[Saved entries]
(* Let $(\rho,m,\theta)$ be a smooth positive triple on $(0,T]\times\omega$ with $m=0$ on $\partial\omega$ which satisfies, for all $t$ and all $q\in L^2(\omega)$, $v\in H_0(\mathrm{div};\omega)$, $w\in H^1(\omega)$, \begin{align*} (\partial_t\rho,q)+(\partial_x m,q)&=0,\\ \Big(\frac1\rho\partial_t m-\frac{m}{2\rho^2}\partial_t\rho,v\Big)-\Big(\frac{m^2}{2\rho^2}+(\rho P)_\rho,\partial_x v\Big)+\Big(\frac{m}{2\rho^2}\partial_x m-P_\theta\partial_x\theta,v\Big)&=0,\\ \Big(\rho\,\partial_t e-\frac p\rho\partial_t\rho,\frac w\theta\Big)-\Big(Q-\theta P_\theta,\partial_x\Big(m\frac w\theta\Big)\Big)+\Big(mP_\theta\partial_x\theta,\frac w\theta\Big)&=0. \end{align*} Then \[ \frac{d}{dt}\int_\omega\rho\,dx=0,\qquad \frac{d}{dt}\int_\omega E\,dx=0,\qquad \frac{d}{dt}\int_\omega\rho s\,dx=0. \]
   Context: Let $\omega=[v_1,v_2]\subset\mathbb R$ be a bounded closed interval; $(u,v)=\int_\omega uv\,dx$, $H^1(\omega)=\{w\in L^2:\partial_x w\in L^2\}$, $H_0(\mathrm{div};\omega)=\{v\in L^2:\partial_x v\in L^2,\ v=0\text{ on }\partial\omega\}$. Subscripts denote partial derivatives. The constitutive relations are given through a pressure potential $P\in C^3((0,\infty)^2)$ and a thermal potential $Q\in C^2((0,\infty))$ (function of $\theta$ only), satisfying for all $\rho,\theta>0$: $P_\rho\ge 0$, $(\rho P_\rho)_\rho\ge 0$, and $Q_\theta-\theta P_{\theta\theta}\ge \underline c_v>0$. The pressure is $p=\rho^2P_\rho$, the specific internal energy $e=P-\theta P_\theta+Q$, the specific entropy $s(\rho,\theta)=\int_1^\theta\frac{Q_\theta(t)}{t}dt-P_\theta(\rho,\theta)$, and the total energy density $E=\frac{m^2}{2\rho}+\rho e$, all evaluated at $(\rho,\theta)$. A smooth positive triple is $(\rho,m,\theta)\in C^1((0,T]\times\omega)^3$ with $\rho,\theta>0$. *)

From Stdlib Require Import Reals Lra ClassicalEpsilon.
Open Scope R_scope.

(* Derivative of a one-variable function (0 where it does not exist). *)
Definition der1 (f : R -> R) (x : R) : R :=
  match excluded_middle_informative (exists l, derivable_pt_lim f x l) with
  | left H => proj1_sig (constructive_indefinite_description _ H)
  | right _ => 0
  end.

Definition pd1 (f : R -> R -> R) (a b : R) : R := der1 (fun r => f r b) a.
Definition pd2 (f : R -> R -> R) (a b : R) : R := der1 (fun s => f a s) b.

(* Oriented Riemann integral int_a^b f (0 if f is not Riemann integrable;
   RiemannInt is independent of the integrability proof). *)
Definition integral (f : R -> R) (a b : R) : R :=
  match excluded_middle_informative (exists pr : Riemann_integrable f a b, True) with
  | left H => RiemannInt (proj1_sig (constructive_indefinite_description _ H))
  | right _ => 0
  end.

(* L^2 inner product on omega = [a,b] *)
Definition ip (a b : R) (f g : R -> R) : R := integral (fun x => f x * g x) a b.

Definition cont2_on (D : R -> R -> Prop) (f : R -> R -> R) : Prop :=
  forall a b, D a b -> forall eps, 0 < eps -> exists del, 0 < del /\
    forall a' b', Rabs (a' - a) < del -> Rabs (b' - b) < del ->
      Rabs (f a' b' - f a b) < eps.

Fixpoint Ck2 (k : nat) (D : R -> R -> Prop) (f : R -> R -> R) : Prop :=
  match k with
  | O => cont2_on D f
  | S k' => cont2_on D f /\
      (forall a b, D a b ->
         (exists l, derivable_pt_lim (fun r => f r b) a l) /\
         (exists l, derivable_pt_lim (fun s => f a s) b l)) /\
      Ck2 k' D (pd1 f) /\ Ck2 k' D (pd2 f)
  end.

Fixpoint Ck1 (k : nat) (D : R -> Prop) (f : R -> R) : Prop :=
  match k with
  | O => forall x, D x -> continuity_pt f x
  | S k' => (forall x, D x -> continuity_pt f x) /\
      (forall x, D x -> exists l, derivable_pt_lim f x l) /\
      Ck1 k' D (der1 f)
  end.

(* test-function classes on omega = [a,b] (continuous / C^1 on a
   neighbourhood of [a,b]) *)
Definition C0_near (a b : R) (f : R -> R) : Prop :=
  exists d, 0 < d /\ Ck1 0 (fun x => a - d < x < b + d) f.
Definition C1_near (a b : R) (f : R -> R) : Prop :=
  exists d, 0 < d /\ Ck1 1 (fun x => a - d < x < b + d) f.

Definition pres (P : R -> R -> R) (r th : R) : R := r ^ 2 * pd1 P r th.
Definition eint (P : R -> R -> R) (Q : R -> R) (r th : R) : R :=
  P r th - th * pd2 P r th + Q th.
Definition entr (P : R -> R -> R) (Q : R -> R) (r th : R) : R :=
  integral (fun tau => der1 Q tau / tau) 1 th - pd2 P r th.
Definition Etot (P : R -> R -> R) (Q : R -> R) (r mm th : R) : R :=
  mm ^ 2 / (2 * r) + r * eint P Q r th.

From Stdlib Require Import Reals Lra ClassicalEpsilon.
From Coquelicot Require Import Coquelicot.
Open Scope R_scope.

* * *

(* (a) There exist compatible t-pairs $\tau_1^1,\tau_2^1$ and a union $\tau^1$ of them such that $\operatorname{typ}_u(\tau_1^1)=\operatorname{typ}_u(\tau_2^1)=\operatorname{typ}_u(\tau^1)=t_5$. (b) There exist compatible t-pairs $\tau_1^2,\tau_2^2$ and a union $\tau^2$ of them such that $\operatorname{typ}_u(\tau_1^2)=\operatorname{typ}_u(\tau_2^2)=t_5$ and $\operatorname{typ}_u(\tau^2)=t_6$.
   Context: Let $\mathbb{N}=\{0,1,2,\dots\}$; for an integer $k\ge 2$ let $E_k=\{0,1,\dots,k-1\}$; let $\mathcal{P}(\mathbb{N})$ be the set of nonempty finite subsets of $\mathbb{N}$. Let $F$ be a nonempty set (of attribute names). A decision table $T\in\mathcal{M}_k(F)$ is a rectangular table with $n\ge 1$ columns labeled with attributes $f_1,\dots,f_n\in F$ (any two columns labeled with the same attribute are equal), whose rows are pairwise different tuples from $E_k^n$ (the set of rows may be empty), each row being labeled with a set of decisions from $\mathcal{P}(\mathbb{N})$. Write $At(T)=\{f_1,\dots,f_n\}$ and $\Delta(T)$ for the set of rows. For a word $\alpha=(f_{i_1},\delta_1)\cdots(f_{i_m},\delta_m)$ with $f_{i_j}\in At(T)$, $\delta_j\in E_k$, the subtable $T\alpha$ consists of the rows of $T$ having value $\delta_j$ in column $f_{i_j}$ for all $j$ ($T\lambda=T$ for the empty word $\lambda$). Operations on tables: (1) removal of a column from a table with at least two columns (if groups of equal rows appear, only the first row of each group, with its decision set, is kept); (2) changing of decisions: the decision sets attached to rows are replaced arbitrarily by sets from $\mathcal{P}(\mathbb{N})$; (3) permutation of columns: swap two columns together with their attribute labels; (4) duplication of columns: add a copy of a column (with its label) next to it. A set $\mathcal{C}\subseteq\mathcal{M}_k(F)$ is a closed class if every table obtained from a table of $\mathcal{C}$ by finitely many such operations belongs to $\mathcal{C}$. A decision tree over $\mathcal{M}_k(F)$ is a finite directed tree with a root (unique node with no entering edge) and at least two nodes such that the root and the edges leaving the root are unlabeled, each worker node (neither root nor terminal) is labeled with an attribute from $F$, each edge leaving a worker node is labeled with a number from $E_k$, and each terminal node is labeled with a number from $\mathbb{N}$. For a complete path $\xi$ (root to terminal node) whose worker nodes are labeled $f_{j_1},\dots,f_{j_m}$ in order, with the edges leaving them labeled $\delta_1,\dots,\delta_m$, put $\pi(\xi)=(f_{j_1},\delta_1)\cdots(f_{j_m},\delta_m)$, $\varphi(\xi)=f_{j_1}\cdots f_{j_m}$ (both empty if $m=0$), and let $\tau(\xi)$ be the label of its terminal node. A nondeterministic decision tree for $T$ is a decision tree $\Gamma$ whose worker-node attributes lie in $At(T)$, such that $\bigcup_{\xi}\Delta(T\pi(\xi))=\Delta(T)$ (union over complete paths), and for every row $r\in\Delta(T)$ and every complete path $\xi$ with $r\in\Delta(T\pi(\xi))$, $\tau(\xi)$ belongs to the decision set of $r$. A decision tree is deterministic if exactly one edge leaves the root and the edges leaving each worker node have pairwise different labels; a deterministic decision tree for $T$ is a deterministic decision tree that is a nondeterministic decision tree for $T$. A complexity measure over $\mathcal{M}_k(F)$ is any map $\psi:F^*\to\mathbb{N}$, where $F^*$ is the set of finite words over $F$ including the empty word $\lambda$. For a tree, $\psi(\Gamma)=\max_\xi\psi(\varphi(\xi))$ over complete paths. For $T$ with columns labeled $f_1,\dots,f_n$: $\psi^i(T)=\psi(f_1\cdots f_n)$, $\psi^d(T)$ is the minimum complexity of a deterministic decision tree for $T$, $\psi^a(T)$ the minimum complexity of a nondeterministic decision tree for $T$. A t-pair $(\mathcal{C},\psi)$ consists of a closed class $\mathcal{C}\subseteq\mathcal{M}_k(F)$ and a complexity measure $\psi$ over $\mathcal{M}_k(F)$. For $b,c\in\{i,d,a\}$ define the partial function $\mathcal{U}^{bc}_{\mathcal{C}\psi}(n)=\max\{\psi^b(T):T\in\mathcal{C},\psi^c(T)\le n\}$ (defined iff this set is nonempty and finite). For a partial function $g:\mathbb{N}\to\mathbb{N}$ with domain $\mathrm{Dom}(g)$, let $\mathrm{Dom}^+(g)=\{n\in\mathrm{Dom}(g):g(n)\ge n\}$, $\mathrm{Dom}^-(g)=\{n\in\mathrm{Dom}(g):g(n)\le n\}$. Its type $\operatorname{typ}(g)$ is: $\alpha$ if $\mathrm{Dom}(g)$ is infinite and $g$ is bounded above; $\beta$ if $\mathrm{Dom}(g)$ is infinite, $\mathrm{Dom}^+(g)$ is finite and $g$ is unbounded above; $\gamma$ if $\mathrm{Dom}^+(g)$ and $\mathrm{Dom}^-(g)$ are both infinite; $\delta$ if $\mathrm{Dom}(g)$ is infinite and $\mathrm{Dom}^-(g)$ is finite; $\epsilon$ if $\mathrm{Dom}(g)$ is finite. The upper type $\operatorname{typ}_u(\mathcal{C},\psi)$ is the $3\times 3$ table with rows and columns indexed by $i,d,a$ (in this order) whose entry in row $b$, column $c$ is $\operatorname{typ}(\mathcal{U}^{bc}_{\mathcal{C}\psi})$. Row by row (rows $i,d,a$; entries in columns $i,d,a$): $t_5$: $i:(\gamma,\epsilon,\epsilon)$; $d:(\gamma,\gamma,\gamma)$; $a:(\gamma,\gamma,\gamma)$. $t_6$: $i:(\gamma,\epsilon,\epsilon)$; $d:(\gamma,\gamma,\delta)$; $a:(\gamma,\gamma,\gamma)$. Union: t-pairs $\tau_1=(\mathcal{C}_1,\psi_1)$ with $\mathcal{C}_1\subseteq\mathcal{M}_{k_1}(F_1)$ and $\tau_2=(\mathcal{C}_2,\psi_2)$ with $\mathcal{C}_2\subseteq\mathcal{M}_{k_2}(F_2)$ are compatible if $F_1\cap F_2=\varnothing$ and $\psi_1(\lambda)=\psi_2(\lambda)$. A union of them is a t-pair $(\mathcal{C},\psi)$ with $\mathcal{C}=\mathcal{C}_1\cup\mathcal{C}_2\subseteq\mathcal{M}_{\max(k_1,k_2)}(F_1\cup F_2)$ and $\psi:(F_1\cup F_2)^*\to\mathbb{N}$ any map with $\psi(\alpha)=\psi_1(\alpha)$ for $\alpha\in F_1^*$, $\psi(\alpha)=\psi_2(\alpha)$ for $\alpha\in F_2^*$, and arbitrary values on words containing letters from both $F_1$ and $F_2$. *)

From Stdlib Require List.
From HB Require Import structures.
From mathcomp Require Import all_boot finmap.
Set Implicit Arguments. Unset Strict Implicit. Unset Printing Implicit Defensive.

▶ Task instructions:
Retype exactly, and only, the lines above from the one where "(* Oriented Riemann" occurs up to and including the one where "forall a b, D a b -> forall" occurs.

▶ Task response:
(* Oriented Riemann integral int_a^b f (0 if f is not Riemann integrable;
   RiemannInt is independent of the integrability proof). *)
Definition integral (f : R -> R) (a b : R) : R :=
  match excluded_middle_informative (exists pr : Riemann_integrable f a b, True) with
  | left H => RiemannInt (proj1_sig (constructive_indefinite_description _ H))
  | right _ => 0
  end.

(* L^2 inner product on omega = [a,b] *)
Definition ip (a b : R) (f g : R -> R) : R := integral (fun x => f x * g x) a b.

Definition cont2_on (D : R -> R -> Prop) (f : R -> R -> R) : Prop :=
  forall a b, D a b -> forall eps, 0 < eps -> exists del, 0 < del /\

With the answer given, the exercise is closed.